Parisian painter Jean-François Raffaëlli (1850–1924) counts among the city’s most unusual chroniclers. As early as 1875, the self-taught artist made struggling street dwellers his subject. His exaggerated, almost caricaturing line amounted to a symbolic, consciously anti-romantic language for depicting their poverty-stricken lives. This new, psychologising approach – which had parallels in the literary naturalism exemplified by Émile Zola – brought Raffaëlli tremendous acclaim in his day. Champions of his work included Edgar Degas, who recognised the crucial shift in perspective from purely depictive realism and enabled Raffaëlli’s much-lauded contributions to the Impressionist expositions in 1880 and 1881. In 1889, Raffaëlli shifted his attention to street scenes in Paris. His work effectively captures the very specific atmosphere of a public setting, infusing otherwise static, purely pictorial scenes with a vibrant dynamism to convey the transience of the moment.

Quai Malaquais

Jean François Raffaelli (1850–1924), Am Quai Malaquais, Paris, Öl auf Leinwand, 71 x 81 cm, Schätzwert € 50.000 – 80.000
Jean François Raffaelli (1850–1924), Quai Malaquais, Paris, oil on canvas, 71 x 81 cm
estimate € 50,000 – 80,000

The Quai Malaquais scene is a newly-discovered, very special example of Raffaëlli’s Paris documentation.
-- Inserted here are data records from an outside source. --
(* By structural induction on programs, each aert_pi[C] maps A_pi into itself
   and commutes with suprema of chains.  For an atomic statement, aert_pi[C] is
   ert[C] conjugated by the shift X |-> X + pi, and ert[C] commutes with all
   suprema of nonnegative runtimes: the magic wand is a supremum of the
   continuous maps x |-> x -. b, and separating addition with a points-to
   predicate is an ordinary addition because that predicate is precise (it
   fixes the domain of the first sub-heap), while the infimum in lookup is
   attained at the stored value.  Probabilistic choice and conditionals combine
   continuous maps linearly, and sequencing composes them, which needs the
   monotonicity that continuity provides along the chain X, Y, Y, ...  The
   least fixed point of a loop is the supremum of its Kleene iterates from -pi;
   each iterate is continuous in the post-runtime, and the two suprema commute. *)

Section ereal_sup_range.
Context {R : realType}.
Implicit Types (u v : nat -> \bar R).

Lemma ereal_sup_range_ub u n : u n <= ereal_sup (range u).
Proof. by apply: ereal_sup_ubound; exists n. Qed.

Lemma ereal_sup_range_le u y : (forall n, u n <= y) -> ereal_sup (range u) <= y.
Proof. by move=> uy; apply/ereal_supP => _ [n _ <-]. Qed.

Lemma ereal_sup_range_cst (c : \bar R) : ereal_sup (range (fun _ : nat => c)) = c.
Proof. exact: ereal_sup_cst setT0. Qed.

Lemma ereal_sup_rangeDr u (c : R) :
  ereal_sup (range u) + c%:E = ereal_sup (range (fun n => u n + c%:E)).
Proof.
apply/le_anti/andP; split.
- rewrite -leeBrDr //; apply: ereal_sup_range_le => n; rewrite leeBrDr //.
  exact: (ereal_sup_range_ub (fun n => u n + c%:E)).
- by apply: ereal_sup_range_le => n; rewrite leeD2r // ereal_sup_range_ub.
Qed.

Lemma ereal_sup_rangeZl u (r : R) : (0 <= r)%R ->
  r%:E * ereal_sup (range u) = ereal_sup (range (fun n => r%:E * u n)).
Proof. by move=> r0; rewrite -ereal_supZl ?image_comp //; apply/set0P; exists (u 0%N). Qed.

Lemma ereal_sup_range_max0 u :
  maxe (ereal_sup (range u)) 0 = ereal_sup (range (fun n => maxe (u n) 0)).
Proof.
apply/le_anti/andP; split.
- rewrite ge_max; apply/andP; split; last first.
    by apply: le_trans (ereal_sup_range_ub _ 0%N); rewrite le_max lexx orbT.
  apply: ereal_sup_range_le => n; apply: le_trans (ereal_sup_range_ub _ n).
  by rewrite le_max lexx.
- apply: ereal_sup_range_le => n; rewrite ge_max [X in _ && X]le_max lexx orbT andbT.
  by rewrite le_max ereal_sup_range_ub.
Qed.

Lemma ereal_sup_rangeD u v : nondecreasing_seq u -> nondecreasing_seq v ->
  -oo < u 0%N -> -oo < v 0%N ->
  ereal_sup (range u) + ereal_sup (range v) = ereal_sup (range (fun n => u n + v n)).
Proof.
move=> nd_u nd_v u0 v0.
have nd_uv : nondecreasing_seq (fun n => u n + v n).
  by move=> m n mn; apply: leeD; [exact: nd_u | exact: nd_v].
have sup_def : ereal_sup (range u) +? ereal_sup (range v).
  rewrite /adde_def.
  have /gt_eqF -> := lt_le_trans u0 (ereal_sup_range_ub u 0%N).
  by have /gt_eqF -> := lt_le_trans v0 (ereal_sup_range_ub v 0%N); rewrite !andbF.
have cvg_sum : (fun n => u n + v n) @ \oo -->
    ereal_sup (range u) + ereal_sup (range v).
  exact: cvgeD sup_def (ereal_nondecreasing_cvgn nd_u) (ereal_nondecreasing_cvgn nd_v).
rewrite -(cvg_lim (@ereal_hausdorff R) cvg_sum).
by rewrite (cvg_lim (@ereal_hausdorff R) (ereal_nondecreasing_cvgn nd_uv)).
Qed.

Lemma ereal_sup_range_comm (F : nat -> nat -> \bar R) :
  ereal_sup (range (fun k => ereal_sup (range (F k)))) =
  ereal_sup (range (fun n => ereal_sup (range (fun k => F k n)))).
Proof.
apply/le_anti/andP; split; apply: ereal_sup_range_le => i; apply: ereal_sup_range_le => j.
- exact: le_trans (ereal_sup_range_ub (fun k => F k j) i) (ereal_sup_range_ub _ j).
- exact: le_trans (ereal_sup_range_ub (F j) i) (ereal_sup_range_ub _ j).
Qed.

Lemma ereal_inf_range_at (G : nat -> \bar R) (m0 : nat) :
  (forall m, m != m0 -> G m = +oo) -> ereal_inf (range G) = G m0.
Proof.
move=> Goo; apply/le_anti/andP; split; first by apply: ereal_inf_lbound; exists m0.
apply/ereal_infP => _ [m _ <-]; have [->|/Goo ->] := eqVneq m m0; [exact: lexx | exact: leey].
Qed.

End ereal_sup_range.

Lemma hsplit_fndl (h h1 h2 : heap) : hsplit h h1 h2 -> forall k,
  (val h1).[? k]%fmap = if k \in domf (val h1) then (val h).[? k]%fmap else None.
Proof.
move=> [hd ->] k; case: ifP => k1; last by rewrite not_fnd // k1.
by rewrite fnd_cat (negbTE (hd k k1)).
Qed.

Lemma hsplit_fndr (h h1 h2 : heap) : hsplit h h1 h2 -> forall k,
  (val h2).[? k]%fmap = if k \in domf (val h1) then None else (val h).[? k]%fmap.
Proof.
move=> [hd ->] k; case: ifP => k1; first by rewrite not_fnd // (hd k k1).
by rewrite fnd_cat; case: ifP => // k2; rewrite !not_fnd ?k1 ?k2.
Qed.

Lemma hsplit_uniq (h h1 h2 h1' h2' : heap) : hsplit h h1 h2 -> hsplit h h1' h2' ->
  domf (val h1) = domf (val h1') -> h1 = h1' /\ h2 = h2'.
Proof.
move=> s s' d; split; apply: val_inj; apply/fmapP => k.
- by rewrite (hsplit_fndl s) (hsplit_fndl s') d.
- by rewrite (hsplit_fndr s) (hsplit_fndr s') d.
Qed.

Fact heap0_key : 0%N \notin domf ([fmap] : {fmap nat -> nat})%fmap.
Proof. by []. Qed.

Definition heap0 : heap := exist _ [fmap]%fmap heap0_key.

Lemma hsplit_heap0 (h : heap) : hsplit h h heap0.
Proof. by split; [move=> l _ | rewrite /= catf0]. Qed.

Lemma hdisj_heap0 (h : heap) : hdisj heap0 h.
Proof. by []. Qed.

Section ert_atomic.
Context {R : realType} {Vars : finType}.
Local Notation fn := (fn R Vars).

Definition nonneg (f : fn) := forall t, 0 <= f t.

Lemma tsub_ge0 (a b : \bar R) : 0 <= tsub a b.
Proof. by rewrite /tsub; case: ifP => _ //; rewrite le_max lexx orbT. Qed.

Lemma tsub_sup (a : nat -> \bar R) b : (forall n, 0 <= a n) ->
  tsub (ereal_sup (range a)) b = ereal_sup (range (fun n => tsub (a n) b)).
Proof.
move=> a0; rewrite /tsub; case: ifP => [_|boo]; first by rewrite ereal_sup_range_cst.
rewrite -ereal_sup_range_max0; congr maxe; move: boo; case: b => [r||] // _.
  by rewrite ereal_sup_rangeDr.
have sup_gtNy := lt_le_trans (lt_le_trans ltNy0 (a0 0%N)) (ereal_sup_range_ub a 0%N).
rewrite addey ?gt_eqF //; apply/esym/ereal_supy; exists 0%N => //.
by rewrite addey // gt_eqF // (lt_le_trans ltNy0 (a0 0%N)).
Qed.

Lemma sepwand_ge0 (g f : fn) : nonneg (sepwand g f).
Proof.
move=> [s h]; apply: le_ereal_sup_tmp.
exists (tsub (f (s, h)) (g (s, heap0))); last exact: tsub_ge0.
by exists heap0, h; split; [exact: hdisj_heap0 | split; [exact: hsplit_heap0|]].
Qed.

Lemma sepwand_fsup (g : fn) (F : nat -> fn) : (forall n, nonneg (F n)) ->
  sepwand g (fsup F) = fsup (fun n => sepwand g (F n)).
Proof.
move=> F0; apply: funext => -[s h]; apply/le_anti/andP; split.
- apply/ereal_supP => _ [h' [hh [hd [hs ->]]]].
  rewrite /fsup tsub_sup; last by move=> n; exact: F0.
  apply: ereal_sup_range_le => n; apply: le_trans (ereal_sup_range_ub _ n).
  by apply: ereal_sup_ubound; exists h', hh.
- apply: ereal_sup_range_le => n; apply/ereal_supP => _ [h' [hh [hd [hs ->]]]].
  apply: le_trans (ereal_sup_ubound _); last by exists h', hh.
  rewrite /fsup tsub_sup; last by move=> m; exact: F0.
  exact: (ereal_sup_range_ub (fun m => tsub (F m (s, hh)) (g (s, h')))).
Qed.

Lemma sepadd_ge0 (g f : fn) : nonneg g -> nonneg f -> nonneg (sepadd g f).
Proof. by move=> g0 f0 [s h]; apply/ereal_infP => _ [h1 [h2 [_ ->]]]; exact: adde_ge0. Qed.

Definition precise (g : fn) := nonneg g /\
  exists D : stack Vars -> {fset nat}, forall s h, g (s, h) != +oo -> domf (val h) = D s.

Lemma sepadd_precise_cases (g : fn) s h : precise g ->
  (exists h1 h2, hsplit h h1 h2 /\ g (s, h1) != +oo /\
     forall f, nonneg f -> sepadd g f (s, h) = g (s, h1) + f (s, h2)) \/
  (forall f, nonneg f -> sepadd g f (s, h) = +oo).
Proof.
move=> [g0 [D gD]].
have g_oo_add f h1 h2 : nonneg f -> g (s, h1) = +oo -> g (s, h1) + f (s, h2) = +oo.
  by move=> f0 ->; rewrite addye // gt_eqF // (lt_le_trans ltNy0 (f0 _)).
have [[h1 [h2 [hs g1]]]|no_split] :=
  pselect (exists h1 h2, hsplit h h1 h2 /\ g (s, h1) != +oo).
- left; exists h1, h2; split => //; split => // f f0; apply/le_anti/andP; split.
    by apply: ereal_inf_lbound; exists h1, h2.
  apply/ereal_infP => _ [h1' [h2' [hs' ->]]].
  have [g1'|g1'] := eqVneq (g (s, h1')) +oo; first by rewrite (g_oo_add f h1' h2') // leey.
  by have [<- <-] := hsplit_uniq hs hs' (etrans (gD _ _ g1) (esym (gD _ _ g1'))).
- right => f f0; apply/ereal_inf_pinfty => _ [h1 [h2 [hs ->]]].
  apply: g_oo_add => //; apply/eqP/negPn/negP => g1; apply: no_split.
  by exists h1, h2.
Qed.

Lemma sepadd_fsup (g : fn) (F : nat -> fn) : precise g -> (forall n, nonneg (F n)) ->
  sepadd g (fsup F) = fsup (fun n => sepadd g (F n)).
Proof.
move=> gp F0; have supF0 : nonneg (fsup F).
  by move=> t; apply: le_trans (ereal_sup_range_ub _ 0%N); exact: F0.
apply: funext => -[s h]; rewrite {2}/fsup.
have [[h1 [h2 [_ [g1 gE]]]]|gE] := sepadd_precise_cases s h gp.
- rewrite (gE _ supF0) (funext (fun n => gE (F n) (F0 n))) /fsup /=.
  have -> : g (s, h1) = (fine (g (s, h1)))%:E.
    by rewrite fineK // ge0_fin_numE ?ltey // gp.1.
  rewrite addeC ereal_sup_rangeDr; do 2!apply: congr1.
  by apply: funext => n; rewrite addeC.
- by rewrite (gE _ supF0) (funext (fun n => gE (F n) (F0 n))) ereal_sup_range_cst.
Qed.

Lemma ptoE_any_precise (e : aexpr Vars) : precise (ptoE_any R e).
Proof.
split; first by move=> t; rewrite /ptoE_any /pto_any; case: ifP.
exists (fun s => [fset e s]%fset) => s h; rewrite /ptoE_any /pto_any /=.
by case: ifP => // /eqP.
Qed.

Lemma ptoE_precise (e e' : aexpr Vars) : precise (ptoE R e e').
Proof.
split; first by move=> t; rewrite /ptoE /pto; case: ifP.
exists (fun s => [fset e s]%fset) => s h; rewrite /ptoE /pto /=.
by case: ifP => // /andP[/eqP].
Qed.

(* Only the value stored at [e] makes the separating sum finite; if nothing is
   stored there, every summand is [+oo] and the default [0] is harmless. *)
Lemma finf_sepadd_ptoE (e : aexpr Vars) (W : nat -> fn) (s : stack Vars) (h : heap) :
  (forall v, nonneg (W v)) ->
  let v0 := odflt 0%N (val h).[? e s]%fmap in
  finf (fun v => sepadd (ptoE R e (fun=> v)) (W v)) (s, h) =
  sepadd (ptoE R e (fun=> v0)) (W v0) (s, h).
Proof.
move=> W0 v0; apply: ereal_inf_range_at => v vv0.
have [[h1 [h2 [hs [pto1 _]]]]|-> //] := sepadd_precise_cases s h (ptoE_precise e (fun=> v)).
move: pto1; rewrite /ptoE /pto /=; case: ifP => // /andP[/eqP dom1 /eqP h1e] _.
have e1 : e s \in domf (val h1) by rewrite dom1 inE.
have he : (val h).[? e s]%fmap = Some v by rewrite -h1e (hsplit_fndl hs) e1.
by move: vv0; rewrite /v0 he eqxx.
Qed.

Definition atomic (C : prog Vars) : bool :=
  match C with
  | Assign _ _ | Alloc _ _ | Store _ _ | Lookup _ _ | Free _ => true
  | _ => false
  end.

Lemma ert_atomic_ge0 (C : prog Vars) (f : fn) : atomic C -> nonneg f -> nonneg (ert C f).
Proof.
case: C => //= [x e|x e|e e'|x e|e] _ f0.
- by move=> t; exact: f0.
- by move=> t; apply: le_trans (ereal_sup_range_ub _ 0%N); exact: sepwand_ge0.
- by apply: sepadd_ge0; [exact: (ptoE_any_precise e).1 | exact: sepwand_ge0].
- move=> t; apply/ereal_infP => _ [v _ <-].
  by apply: sepadd_ge0; [exact: (ptoE_precise _ _).1 | exact: sepwand_ge0].
- exact: sepadd_ge0 (ptoE_any_precise e).1 f0.
Qed.

Lemma ert_atomic_fsup (C : prog Vars) (F : nat -> fn) : atomic C ->
  (forall n, nonneg (F n)) -> ert C (fsup F) = fsup (fun n => ert C (F n)).
Proof.
have substn_fsup x v : substn (fsup F) x v = fsup (fun n => substn (F n) x v) by [].
case: C => //= [x e|e e'|x e|e] _ F0.
- apply: funext => sh; rewrite /fsup ereal_sup_range_comm.
  do 2!apply: congr1; apply: funext => v.
  by rewrite substn_fsup sepwand_fsup // => n t; exact: F0.
- rewrite sepwand_fsup // sepadd_fsup //.
    exact: ptoE_any_precise.
  by move=> n; exact: sepwand_ge0.
- apply: funext => -[s h]; rewrite finf_sepadd_ptoE; last by move=> v; exact: sepwand_ge0.
  rewrite substn_fsup sepwand_fsup; last by move=> n t; exact: F0.
  rewrite sepadd_fsup; [|exact: ptoE_precise | by move=> n; exact: sepwand_ge0].
  rewrite /fsup; do 2!apply: congr1; apply: funext => n.
  by rewrite finf_sepadd_ptoE //; move=> v; exact: sepwand_ge0.
- exact: sepadd_fsup (ptoE_any_precise e) F0.
Qed.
We see Voltaire’s statue, erected in 1885 and destroyed in 1941, and the sumptuous façade of a wing of the Collège Mazarin. It is autumn; the image is bathed in a light, bluish-brown tone. Leafless trees and a number of figures are sketched with dynamic brushwork and a quick, nervous stroke, heightening the distinct feel of bustling, workaday life in the French capital.

Little city guide

In the corner of the painting is a little dog with black and white spots. Still an eye catcher, the canine is a kind of painter’s signature that appears in almost all of the artist’s urban Paris paintings, often in the company of the old man. He is like a little city guide, eager to take us on a tour of Paris’s many dazzling sights.